Why Women Fare So Well in PR
PR is also about planning, writing — and even at times — the law. But at its foundation, this career field is about relationship building; working with clients, as well as journalists; and, in the process, creating trust. As such, the people who fare best in this industry tend to be great listeners as well as communicators, and females tend to have both those traits. Working with clients also often does have a social component to it, but in this case, the ability to be social and act extroverted (even when you feel like you’re an introvert) is a professional skill, one that should be any PR pro’s resume.

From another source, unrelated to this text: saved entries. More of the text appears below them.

(* Let $p$ be a random partition and let $\mathrm{Sh}^p$ be its $p$-Shapley value, $$\mathrm{Sh}^p_i(w)=\sum_{(T,\tau)\in\mathcal{E}(N\setminus\{i\})}\Big(p_N(\{T\cup\{i\}\}\cup\tau)\,w(T\cup\{i\},\tau)-\frac{t}{n-t}\sum_{B\in\tau\cup\{\emptyset\}}p_N(\{T\}\cup\tau_{+i\leadsto B})\,w(T,\tau_{+i\leadsto B})\Big)$$ for $N\subseteq\mathbf{U}$, $w\in\mathbb{W}(N)$, $i\in N$. Then $\mathrm{Sh}^p$ satisfies monotonicity if and only if $p=p^\star$, i.e., if and only if $\mathrm{Sh}^p=\mathrm{MPW}$.
   Context: $\mathbf{U}$ is a finite set of players; cardinalities of $N,S,T,B$ are $n,s,t,b$. $\Pi(N)$ is the set of partitions of $N$ ($\Pi(\emptyset)=\{\emptyset\}$). A random partition is $p=(p_N)_{N\subseteq\mathbf{U}}$ with $p_N$ a probability distribution on $\Pi(N)$; $p^\star$ is the Ewens distribution $p^\star_N(\pi)=\frac{\prod_{B\in\pi}(b-1)!}{n!}$. $\pi_{+i\leadsto B}=(\pi\setminus\{B\})\cup\{B\cup\{i\}\}$ for $B\in\pi$, $\pi_{+i\leadsto\emptyset}=\pi\cup\{\{i\}\}$. Embedded coalitions $\mathcal{E}(N)=\{(S,\pi):S\subseteq N,\pi\in\Pi(N\setminus S)\}$; a TUX game on $N$ is $w:\mathcal{E}(N)\to\mathbb{R}$ with $w(\emptyset,\pi)=0$; $\mathbb{W}(N)$ their set. A solution $\varphi$ (assigning $\varphi(w)\in\mathbb{R}^N$ to each $w\in\mathbb{W}(N)$) satisfies monotonicity if for all $N$, $w,z\in\mathbb{W}(N)$ and $i\in N$ with $w(S\cup\{i\},\pi)-w(S,\pi_{+i\leadsto B})\ge z(S\cup\{i\},\pi)-z(S,\pi_{+i\leadsto B})$ for all $(S,\pi)\in\mathcal{E}(N\setminus\{i\})$ and $B\in\pi\cup\{\emptyset\}$, we have $\varphi_i(w)\ge\varphi_i(z)$. The Shapley value of a TU game $v$ is $\mathrm{Sh}_i(v)=\sum_{S\subseteq N\setminus\{i\}}\frac{s!(n-s-1)!}{n!}(v(S\cup\{i\})-v(S))$; the MPW solution is $\mathrm{MPW}(w)=\mathrm{Sh}(\bar v^\star_w)$ with $\bar v^\star_w(S)=\sum_{\pi\in\Pi(N\setminus S)}p^\star_{N\setminus S}(\pi)w(S,\pi)$. *)

From mathcomp Require Import all_boot all_order all_algebra.
Set Implicit Arguments. Unset Strict Implicit. Unset Printing Implicit Defensive.
Import Order.TTheory GRing.Theory Num.Theory.
Local Open Scope ring_scope.

Section TUX.
Variables (U : finType) (R : realFieldType).

(* A random partition: p N is a probability distribution on Pi(N),
   encoded as a function on {set {set U}} vanishing outside Pi(N).
   mathcomp's [partition P N] = cover P = N, trivIset P, set0 \notin P;
   so Pi(set0) = {set0}. *)
Definition random_partition (p : {set U} -> {set {set U}} -> R) : Prop :=
  forall N : {set U},
    (forall P, partition P N -> 0 <= p N P) /\
    (forall P, ~~ partition P N -> p N P = 0) /\
    \sum_(P | partition P N) p N P = 1.

Definition ewens (N : {set U}) (P : {set {set U}}) : R :=
  if partition P N then
    (\prod_(B in P) ((#|B|.-1)`!)%:R) / ((#|N|)`!)%:R
  else 0.

Definition add_to (pi : {set {set U}}) (i : U) (B : {set U}) : {set {set U}} :=
  if B == set0 then [set i] |: pi
  else (B :|: [set i]) |: (pi :\ B).

(* TUX games on N: w : embedded coalitions -> R, only values on E(N) matter;
   w(set0, pi) = 0 for pi in Pi(N). *)
Definition is_game (N : {set U}) (w : {set U} -> {set {set U}} -> R) : Prop :=
  forall pi, partition pi N -> w set0 pi = 0.

Definition ShP (p : {set U} -> {set {set U}} -> R) (N : {set U})
    (w : {set U} -> {set {set U}} -> R) (i : U) : R :=
  \sum_(T : {set U} | T \subset N :\ i)
   \sum_(tau : {set {set U}} | partition tau ((N :\ i) :\: T))
    ( p N ((T :|: [set i]) |: tau) * w (T :|: [set i]) tau
      - ((#|T|)%:R / (#|N| - #|T|)%:R) *
        \sum_(B in set0 |: tau) p N (T |: add_to tau i B) * w T (add_to tau i B)).

Definition monotone
    (phi : {set U} -> ({set U} -> {set {set U}} -> R) -> U -> R) : Prop :=
  forall (N : {set U}) (w z : {set U} -> {set {set U}} -> R) (i : U),
    is_game N w -> is_game N z -> i \in N ->
    (forall (S : {set U}) (pi : {set {set U}}),
        S \subset N :\ i -> partition pi ((N :\ i) :\: S) ->
        forall B, B \in set0 |: pi ->
          z (S :|: [set i]) pi - z S (add_to pi i B)
            <= w (S :|: [set i]) pi - w S (add_to pi i B)) ->
    phi N z i <= phi N w i.

Definition shapley (N : {set U}) (v : {set U} -> R) (i : U) : R :=
  \sum_(S : {set U} | S \subset N :\ i)
    (((#|S|)`! * (#|N| - #|S| - 1)`!)%:R / ((#|N|)`!)%:R)
      * (v (S :|: [set i]) - v S).

Definition vbar_star (N : {set U}) (w : {set U} -> {set {set U}} -> R)
    (S : {set U}) : R :=
  \sum_(P | partition P (N :\: S)) ewens (N :\: S) P * w S P.

Definition MPW (N : {set U}) (w : {set U} -> {set {set U}} -> R) (i : U) : R :=
  shapley N (vbar_star N w) i.

End TUX.

(* For [p = p*] the Ewens coefficients regroup [ShP p] into the Shapley value of
   the Ewens-averaged TU game, i.e. MPW; its marginal contributions are averages
   of those of [w] with nonnegative weights, so it is monotone.
   Conversely, for [T] nonempty the game worth [1] on [(T u {i}, tau)] and on
   all [(T, tau_{+i~>B})] gives [i] zero marginal contributions, so monotonicity
   (against the null game, both ways) forces its [ShP p]-value to vanish:
     p_N({T u {i}} u tau) = t/(n-t) * sum_B p_N({T} u tau_{+i~>B}).
   For a partition [Q] of [N \ {i}] this says that putting [i] into the block
   [T] of [Q] has [#|T|] times the probability of putting it alone.  Splitting
   blocks one player at a time relates any two partitions of [N] by the ratio of
   their weights [prod_C (#|C| - 1)!], so [p_N] is proportional to the Ewens
   weight, and normalization gives [p = p*]. *)

From mathcomp Require Import all_boot all_order all_algebra.
From mathcomp Require Import ring.
Set Implicit Arguments. Unset Strict Implicit. Unset Printing Implicit Defensive.
Import Order.TTheory GRing.Theory Num.Theory.
Local Open Scope ring_scope.

Section Partitions.
Variable U : finType.
Implicit Types (M N S T B C : {set U}) (P Q pi tau : {set {set U}}) (i : U).

Lemma subsetD1_notin S N i : S \subset N :\ i -> i \notin S.
Proof. by rewrite subsetD1 => /andP[]. Qed.

Lemma setDD1 N S i : (N :\: S) :\ i = (N :\ i) :\: S.
Proof. by rewrite !setDDl setUC. Qed.

Lemma setDU1 N S i : N :\: (S :|: [set i]) = (N :\ i) :\: S.
Proof. by rewrite setDDl setUC. Qed.

Lemma partition_setU1D P N S : S \subset N -> S != set0 ->
  partition P (N :\: S) -> partition (S |: P) N.
Proof.
move=> sSN S0 hP; rewrite -[N in partition _ N](setID N S) (setIidPr sSN).
apply: partitionU1 => //.
by rewrite disjoints_subset setDE setCI setCK subsetUr.
Qed.

Lemma notin_block pi M i C : partition pi (M :\ i) -> C \in pi -> i \notin C.
Proof.
move=> hp /(partitionS hp)/subsetP/(_ i) h; apply/negP => /h.
by rewrite !inE eqxx.
Qed.

Lemma notin_target pi M i B :
  partition pi (M :\ i) -> B \in set0 |: pi -> i \notin B.
Proof. by move=> hp /setU1P[->|/(notin_block hp)//]; rewrite inE. Qed.

Lemma setU1_notin_partition pi M i B :
  partition pi (M :\ i) -> B :|: [set i] \notin pi.
Proof. by move=> hp; apply/negP => /(notin_block hp); rewrite set1Ur. Qed.

Lemma setU1_notin_setD1 pi M i B C :
  partition pi (M :\ i) -> B :|: [set i] \notin pi :\ C.
Proof. by move=> hp; rewrite in_setD1 (negbTE (setU1_notin_partition _ hp)) andbF. Qed.

Lemma setU1iK B i : i \notin B -> (B :|: [set i]) :\ i = B.
Proof. by move=> iB; rewrite setUC setU1K. Qed.

Lemma add_to_partition pi M i B : partition pi (M :\ i) -> i \in M ->
  B \in set0 |: pi -> partition (add_to pi i B) M.
Proof.
move=> hp iM; rewrite /add_to; case: eqP => [-> _|/eqP B0 /setU1P[/eqP|hB] //].
  rewrite -(setD1K iM); apply: partitionU1 => //; last by rewrite disjoints1 setD11.
  by apply/set0Pn; exists i; rewrite set11.
have sB := subsetP (partitionS hp hB).
have -> : M = (B :|: [set i]) :|: ((M :\ i) :\: B).
  apply/setP => x; rewrite !inE; move: (sB x); rewrite !inE.
  case: (x \in B) => /=; first by move=> /(_ isT)/andP[].
  by case: eqP => [->|] //=; rewrite andbT.
apply: (partitionU1 (partitionD1 hp hB)); first by apply/set0Pn; exists i; exact: set1Ur.
rewrite -setI_eq0; apply/eqP/setP => x; rewrite !inE.
by case: (x \in B); case: (x == i).
Qed.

Trends and understanding those trends are also key to being successful in this field. That’s why it’s no surprise really why you’ll see women working in PR in the fields of cosmetics, jewelry, fashion, and more. It can be easy to be passionate about a career when you’re working with the things you love and you’re getting paid to stay up to date on the latest and greatest there is in the fashion world. Trends are important because as a PR professional, you can take a trend and find ways for your brand or company to capitalize on that trend.
PR pros also tend to be wonderful at problem solving. They can look at a situation — such as bad press — and figure out ways to come out looking better to the public eye. Yes, problem solving is in the purview of both males and females, but a 2007 study showed that the two genders approach problems very differently. While men see solving a problem as a way to demonstrate how intelligent they are, women see it as a chance to grow more connected. In other words, solving a problem for women is a chance to strengthen a relationship and as already established, that’s key in PR.
Last but certainly not least, for decades now, PR has been largely dominated by women, and therefore women feel comfortable and accepted when they join the career field. This is no small thing. People tend to gravitate toward careers where they feel they will be easily welcomed — and in turn — a place where they feel they can belong.
PR’s Glass Ceiling
Despite the sheer number of women in the public relations industry, there’s quite a disparity when it comes to which gender heads the managerial positions. Studies have shown that men are more often promoted to Director of Communications, while women tend to stay in middle management positions. Despite this gender problem, more women than ever before are entering the field and beginning to make a name for themselves in their own ways.
Some break off and start their own agencies; others find and represent huge clients. What do all these impressive ladies have in common? They work hard, they understand how PR works – and that’s not all fun and games — and they create strong relationships based on trust and communication with all sorts of people, not just their clients.